Woke up to a novel. A lot of these the points you made about a lack of information, I'll be giving more info about in later chapters. I made sure to only lightly touch or skipped entirely because pausing the story to explain them would have slowed things down. Better to keep the curiosity and satisfy it in later chapters, IMO. Maybe a mistake for a serial series. It’s more of a technique for novels. 🤔 My original plan for Chapter 1 was something more drawn out about their time alive so I could really build up and describe the characters, but I decided against this for a more 'in media res' approach. I didn't want to bore my readers with the ‘in a quiet village’ introduction so many fantasy writers use. You'll learn more about the characters as the story goes. I’ll add to these paragraphs, as per your feedback: - “We both died of a heart attack? At the same time? We’re way too young, anyway.” Not even twenty, yet. - She followed after him, and the world blurred into a mess of colors and shades as she stepped through the shower stall wall, and into David’s back. Okay, she could collide with her brother, good to know. And he felt like normal flesh, too, alive and well. Very strange for a ghost. Mia and David are definitely more comfortable with their own nudity and each other's nudity than most people. And they aren’t into each other at all. David can’t get aroused by looking at Mia. If anything the opposite happens. I have an IRL sister, I know the feeling. I did write a spot where they noticed each other’s lack of pubic hair, though.
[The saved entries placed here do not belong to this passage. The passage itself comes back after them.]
(* Let $G$ be a group satisfying the law $[x^2,y^2]=1$ (i.e. $[g^2,h^2]=1$ for all $g,h\in G$), and suppose the Klein bottle group $K=\langle a,b\mid b^{-1}ab=a^{-1}\rangle$ is a subgroup of $G$. Then every element of the normal closure $\langle\langle b^2\rangle\rangle$ of $b^2$ in $G$ commutes with every element of $K$.
   Context: $[x,y]=x^{-1}y^{-1}xy$. The normal closure $\langle\langle X\rangle\rangle$ of a subset $X$ of $G$ is the smallest normal subgroup of $G$ containing $X$. *)

From Stdlib Require Import ZArith.
Open Scope Z_scope.

Record is_group {G : Type} (mul : G -> G -> G) (one : G) (inv : G -> G) : Prop := {
  grp_assoc : forall x y z, mul x (mul y z) = mul (mul x y) z;
  grp_mul1 : forall x, mul one x = x;
  grp_mul1r : forall x, mul x one = x;
  grp_mulV : forall x, mul (inv x) x = one;
  grp_mulVr : forall x, mul x (inv x) = one
}.

Definition commutator {G : Type} (mul : G -> G -> G) (inv : G -> G) (x y : G) : G :=
  mul (mul (mul (inv x) (inv y)) x) y.

Definition is_subgroup {G : Type} (mul : G -> G -> G) (one : G) (inv : G -> G)
  (H : G -> Prop) : Prop :=
  H one /\ (forall x y, H x -> H y -> H (mul x y)) /\ (forall x, H x -> H (inv x)).

Definition is_normal_subgroup {G : Type} (mul : G -> G -> G) (one : G) (inv : G -> G)
  (N : G -> Prop) : Prop :=
  is_subgroup mul one inv N /\ (forall g x, N x -> N (mul (mul (inv g) x) g)).

Definition normal_closure {G : Type} (mul : G -> G -> G) (one : G) (inv : G -> G)
  (X : G -> Prop) (g : G) : Prop :=
  forall N : G -> Prop, is_normal_subgroup mul one inv N ->
    (forall x, X x -> N x) -> N g.

Definition is_hom {G H : Type} (mulG : G -> G -> G) (mulH : H -> H -> H) (f : G -> H) : Prop :=
  forall x y, f (mulG x y) = mulH (f x) (f y).

(* The Klein bottle group K = < a, b | b^{-1} a b = a^{-1} >, realised by its
   normal forms a^m b^n, (m,n) in Z x Z (the semidirect product Z x| Z):
   b^n a^p = a^{(-1)^n p} b^n, hence
   (a^m b^n)(a^p b^q) = a^{m + (-1)^n p} b^{n+q}. *)
Definition Klein : Type := (Z * Z)%type.
Definition ksgn (n : Z) (p : Z) : Z := if Z.even n then p else - p.
Definition kmul (x y : Klein) : Klein :=
  (fst x + ksgn (snd x) (fst y), snd x + snd y).
Definition kone : Klein := (0, 0).
Definition kinv (x : Klein) : Klein := (- ksgn (snd x) (fst x), - snd x).
Definition ka : Klein := (1, 0).
Definition kb : Klein := (0, 1).

From Stdlib Require Import ZArith Lia.

(* Let t = b^2 in a group G satisfying [x^2, y^2] = 1, with K = <a, b> embedded
   in G.  The proof has three steps.
   1. Squares and conjugates.  In such a group z^2 commutes with every
      conjugate of z, and if (xz)^2 = z^2 then z^2 also commutes with every
      conjugate of x.  Since (ab)^2 = b^2 in K, t commutes with every
      conjugate of a and of b.
   2. The elements y such that t commutes with every conjugate of y form a
      subgroup of G; it contains a and b, hence all of K.
   3. For any set H, the elements all of whose conjugates centralise H form a
      normal subgroup of G.  By step 2 it contains t when H = K, so it
      contains the normal closure of t, which therefore centralises K.
   The embedding of K need not be injective for this argument. *)

Section Groups.

Context {G : Type} {mul : G -> G -> G} {one : G} {inv : G -> G}.
Hypothesis HG : is_group mul one inv.

Local Infix "·" := mul (at level 40, left associativity).
Local Notation "x ⁻¹" := (inv x) (at level 2, left associativity, format "x ⁻¹").

Lemma mulKl (x y : G) : x⁻¹ · (x · y) = y.
Proof.
  rewrite (grp_assoc _ _ _ HG), (grp_mulV _ _ _ HG), (grp_mul1 _ _ _ HG).
  reflexivity.
Qed.

Lemma mulVKl (x y : G) : x · (x⁻¹ · y) = y.
Proof.
  rewrite (grp_assoc _ _ _ HG), (grp_mulVr _ _ _ HG), (grp_mul1 _ _ _ HG).
  reflexivity.
Qed.

Lemma inv_unique (x y : G) : x · y = one -> x⁻¹ = y.
Proof.
  intro Hxy.
  rewrite <- (grp_mul1r _ _ _ HG (x⁻¹)), <- Hxy, mulKl.
  reflexivity.
Qed.

Lemma invK (x : G) : x⁻¹⁻¹ = x.
Proof. apply inv_unique, (grp_mulV _ _ _ HG). Qed.

Lemma invM (x y : G) : (x · y)⁻¹ = y⁻¹ · x⁻¹.
Proof.
  apply inv_unique.
  rewrite <- (grp_assoc _ _ _ HG), mulVKl, (grp_mulVr _ _ _ HG).
  reflexivity.
Qed.

Lemma inv1 : one⁻¹ = one.
Proof. apply inv_unique, (grp_mul1 _ _ _ HG). Qed.

Local Ltac group_simpl :=
  repeat first
   [ rewrite invM | rewrite invK | rewrite inv1
   | rewrite <- (grp_assoc _ _ _ HG)
   | rewrite (grp_mulV _ _ _ HG) | rewrite (grp_mulVr _ _ _ HG)
   | rewrite mulKl | rewrite mulVKl
   | rewrite (grp_mul1 _ _ _ HG) | rewrite (grp_mul1r _ _ _ HG) ].

Local Ltac group := group_simpl; try reflexivity.

Definition commutes (x y : G) : Prop := x · y = y · x.

Lemma commutes_sym (x y : G) : commutes x y -> commutes y x.
Proof. unfold commutes; auto. Qed.

Lemma commutes_one (t : G) : commutes t one.
Proof. unfold commutes; group. Qed.

Lemma commutes_mul (t x y : G) : commutes t x -> commutes t y -> commutes t (x · y).
Proof.
  unfold commutes; intros Hx Hy.
  rewrite (grp_assoc _ _ _ HG), Hx, <- (grp_assoc _ _ _ HG), Hy, (grp_assoc _ _ _ HG).
  reflexivity.
Qed.

Lemma commutes_inv (t x : G) : commutes t x -> commutes t x⁻¹.
Proof.
  unfold commutes; intro Hx.
  assert (E : x⁻¹ · (t · x · x⁻¹) = x⁻¹ · (x · t · x⁻¹)) by (rewrite Hx; reflexivity).
  revert E; group_simpl; auto.
Qed.

Lemma commutes_of_commutator (x y : G) : commutator mul inv x y = one -> commutes x y.
Proof.
  unfold commutator, commutes; intro H.
  assert (E : y · (x · (x⁻¹ · y⁻¹ · x · y)) = y · (x · one)) by (rewrite H; reflexivity).
  revert E; group_simpl; auto.
Qed.

Lemma commutes_conj (u v x : G) : commutes u (x · v · x⁻¹) -> commutes (x⁻¹ · u · x) v.
Proof.
  unfold commutes; intro H.
  assert (E : x⁻¹ · (u · (x · v · x⁻¹)) · x = x⁻¹ · (x · v · x⁻¹ · u) · x)
    by (rewrite H; reflexivity).
  revert E; group_simpl; auto.
Qed.

Section SquareLaw.

Hypothesis Hlaw : forall g h : G, commutator mul inv (g · g) (h · h) = one.

Lemma squares_commute (g h : G) : commutes (g · g) (h · h).
Proof. apply commutes_of_commutator, Hlaw. Qed.

(* z^2 commutes with z and with (wz)^2 = (wzw) z, hence with wzw. *)
Lemma square_commutes_wzw (z w : G) : commutes (z · z) (w · z · w).
Proof.
  replace (w · z · w) with ((w · z) · (w · z) · z⁻¹) by group.
  apply commutes_mul; [apply squares_commute |].
  apply commutes_inv; unfold commutes; group.
Qed.

(* z^2 commutes with every conjugate w z w^-1 = w^2 (w^-1 z w^-1) of z. *)
Lemma square_commutes_conj (z w : G) : commutes (z · z) (w · z · w⁻¹).
Proof.
  replace (w · z · w⁻¹) with ((w · w) · (w⁻¹ · z · w⁻¹)) by group.
  apply commutes_mul; [apply squares_commute | apply square_commutes_wzw].
Qed.

(* If (xz)^2 = z^2, then z^2 commutes with w x w^-1 = (w xz w)(w z w)^-1. *)
Lemma square_commutes_conj_of_equal_squares (x z w : G) :
  x · z · (x · z) = z · z -> commutes (z · z) (w · x · w⁻¹).
Proof.
  intro Hsq.
  replace (w · x · w⁻¹) with ((w · (x · z) · w) · (w · z · w)⁻¹) by group.
  apply commutes_mul.
  - rewrite <- Hsq; apply square_commutes_wzw.
  - apply commutes_inv, square_commutes_wzw.
Qed.

End SquareLaw.

Definition commutes_with_conjugates (t y : G) : Prop :=
  forall w, commutes t (w · y · w⁻¹).

Lemma commutes_with_conjugates_subgroup (t : G) :
  is_subgroup mul one inv (commutes_with_conjugates t).
Proof.
  split; [| split].
  - intro w; replace (w · one · w⁻¹) with one by group; apply commutes_one.
  - intros x y Hx Hy w.
    replace (w · (x · y) · w⁻¹) with ((w · x · w⁻¹) · (w · y · w⁻¹)) by group.
    apply commutes_mul; auto.
  - intros x Hx w.
    replace (w · x⁻¹ · w⁻¹) with (w · x · w⁻¹)⁻¹ by group.
    apply commutes_inv; auto.
Qed.

Definition conjugates_centralise (H : G -> Prop) (g : G) : Prop :=
  forall x h, H h -> commutes (x⁻¹ · g · x) h.

Lemma conjugates_centralise_normal (H : G -> Prop) :
  is_normal_subgroup mul one inv (conjugates_centralise H).
Proof.
  split; [split; [| split] |].
  - intros x h _; replace (x⁻¹ · one · x) with one by group.
    apply commutes_sym, commutes_one.
  - intros u v Hu Hv x h Hh.
    replace (x⁻¹ · (u · v) · x) with ((x⁻¹ · u · x) · (x⁻¹ · v · x)) by group.
    apply commutes_sym, commutes_mul; apply commutes_sym; auto.
  - intros u Hu x h Hh.
    replace (x⁻¹ · u⁻¹ · x) with (x⁻¹ · u · x)⁻¹ by group.
    apply commutes_sym, commutes_inv, commutes_sym; auto.
  - intros g u Hu x h Hh.
    replace (x⁻¹ · (g⁻¹ · u · g) · x) with ((g · x)⁻¹ · u · (g · x)) by group.
    auto.
Qed.

Lemma normal_closure_centralises (H X : G -> Prop) :
  (forall x, X x -> conjugates_centralise H x) ->
  forall g, normal_closure mul one inv X g -> forall h, H h -> commutes g h.
Proof.
  intros HX g Hg h Hh.
  assert (Hconj : conjugates_centralise H g)
    by exact (Hg _ (conjugates_centralise_normal H) HX).
  specialize (Hconj one h Hh); revert Hconj; group_simpl; auto.
Qed.

Section KleinImage.

Variable phi : Klein -> G.
Hypothesis Hhom : is_hom kmul mul phi.

Lemma hom_one : phi kone = one.
Proof.
  assert (E : (phi kone)⁻¹ · (phi kone · phi kone) = (phi kone)⁻¹ · phi kone)
    by (rewrite <- Hhom; reflexivity).
  revert E; group_simpl; auto.
Qed.

Lemma powers_in_subgroup (S : G -> Prop) (f : Z -> G) (x : G) :
  is_subgroup mul one inv S -> f 0%Z = one ->
  (forall m, f (Z.succ m) = f m · x) -> S x -> forall m, S (f m).
Proof.
  intros [S1 [SM SV]] f0 fS Sx m.
  induction m as [| m IH | m IH] using Z.peano_ind.
  - rewrite f0; exact S1.
  - rewrite fS; auto.
  - replace (f (Z.pred m)) with (f m · x⁻¹) by (rewrite <- (Z.succ_pred m), fS at 1; group).
    auto.
Qed.

Lemma klein_image_in_subgroup (S : G -> Prop) :
  is_subgroup mul one inv S -> S (phi ka) -> S (phi kb) -> forall k, S (phi k).
Proof.
  intros HS Sa Sb [m n].
  replace (m, n) with (kmul (m, 0%Z) (0%Z, n)) by (unfold kmul, ksgn; simpl; f_equal; lia).
  rewrite Hhom; apply HS.
  - apply (powers_in_subgroup S (fun m => phi (m, 0%Z)) (phi ka)); auto.
    + exact hom_one.
    + intro p; rewrite <- Hhom; unfold kmul, ka, ksgn; simpl; f_equal.
  - apply (powers_in_subgroup S (fun n => phi (0%Z, n)) (phi kb)); auto.
    + exact hom_one.
    + intro p; rewrite <- Hhom; unfold kmul, kb, ksgn; simpl.
      destruct (Z.even p); f_equal; lia.
Qed.

Lemma klein_square_ab : phi ka · phi kb · (phi ka · phi kb) = phi kb · phi kb.
Proof. rewrite <- !Hhom; reflexivity. Qed.

End KleinImage.

End Groups.

Theorem mainTheorem4
  (G : Type) (mul : G -> G -> G) (one : G) (inv : G -> G)
  (HG : is_group mul one inv)
  (Hlaw : forall g h : G, commutator mul inv (mul g g) (mul h h) = one)
  (phi : Klein -> G)
  (Hhom : is_hom kmul mul phi)
  (Hinj : forall x y : Klein, phi x = phi y -> x = y) :
  forall g : G,
    normal_closure mul one inv (fun x => x = mul (phi kb) (phi kb)) g ->
    forall k : Klein, mul g (phi k) = mul (phi k) g.
Proof.
  assert (Hb2 : forall k,
    @commutes_with_conjugates G mul inv (mul (phi kb) (phi kb)) (phi k)).
  { apply (klein_image_in_subgroup HG phi Hhom _ (commutes_with_conjugates_subgroup HG _)).
    - intro w; apply (square_commutes_conj_of_equal_squares HG Hlaw).
      apply (klein_square_ab phi Hhom).
    - intro w; apply (square_commutes_conj HG Hlaw). }
  intros g Hg k.
  apply (normal_closure_centralises HG (fun h => exists k, h = phi k)
           (fun x => x = mul (phi kb) (phi kb))); [| exact Hg | exists k; reflexivity].
  intros x -> w h [k' ->].
  apply (commutes_conj HG), Hb2.
Qed.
I was tempted to write more about the spying/voyeurism, but honestly I thought it was stepping a little outside the erotic scope of the story. I didn’t notice I failed to describe smells though, that’s a good one, thanks. I’ll try and incorporate more sensory description. David and Mia are in a chronic state of shock. Being naked in Hell is very low on their ‘mental stack’ of things to think about. Same for getting horny when they do see something they like in Hell. But I’ll make sure to come back to this later. I’ll make sure the internal narration for Mia and David gets a little more unique and flavored. I thought maybe for the first chapter I wouldn’t color it too much, because you’re getting bombarded with a billion story elements. Maybe it was a mistake to keep them more neutral for the first chapter. 🤔 Thanks for the feedback, super useful.

geekstyle

- Regarding sharing some info of Mia and David when they were alive. It could be something like this: "She stared at her body a little more, in her favorite half-crop shirt and boyshorts. At least she died looking sexy and giving whoever found her a little show." Something like this is just a little extra words but showing her personality as someone vain and a bit of an exhibitionist. - Regarding the internal narration: I'd have preferred for them to notice, interpret and react to the same hell differently, based on their characters. Could just be very subtle things, like using different words/vocab. One extreme example is Annie from MLV. She sounded "ancient" (great job on that) I think one of your strengths as a writer is writing from different POVs. That's one of the reasons why I love MLV so much. You could describe the same thing very differently for different characters. And showing their personality without describing them (showing vs telling). e.g. ancient, vs kidd-ish vs intellectual vs stoic. Anyway, these are just my own comments from the peanut gallery so take them with a pinch of salt :)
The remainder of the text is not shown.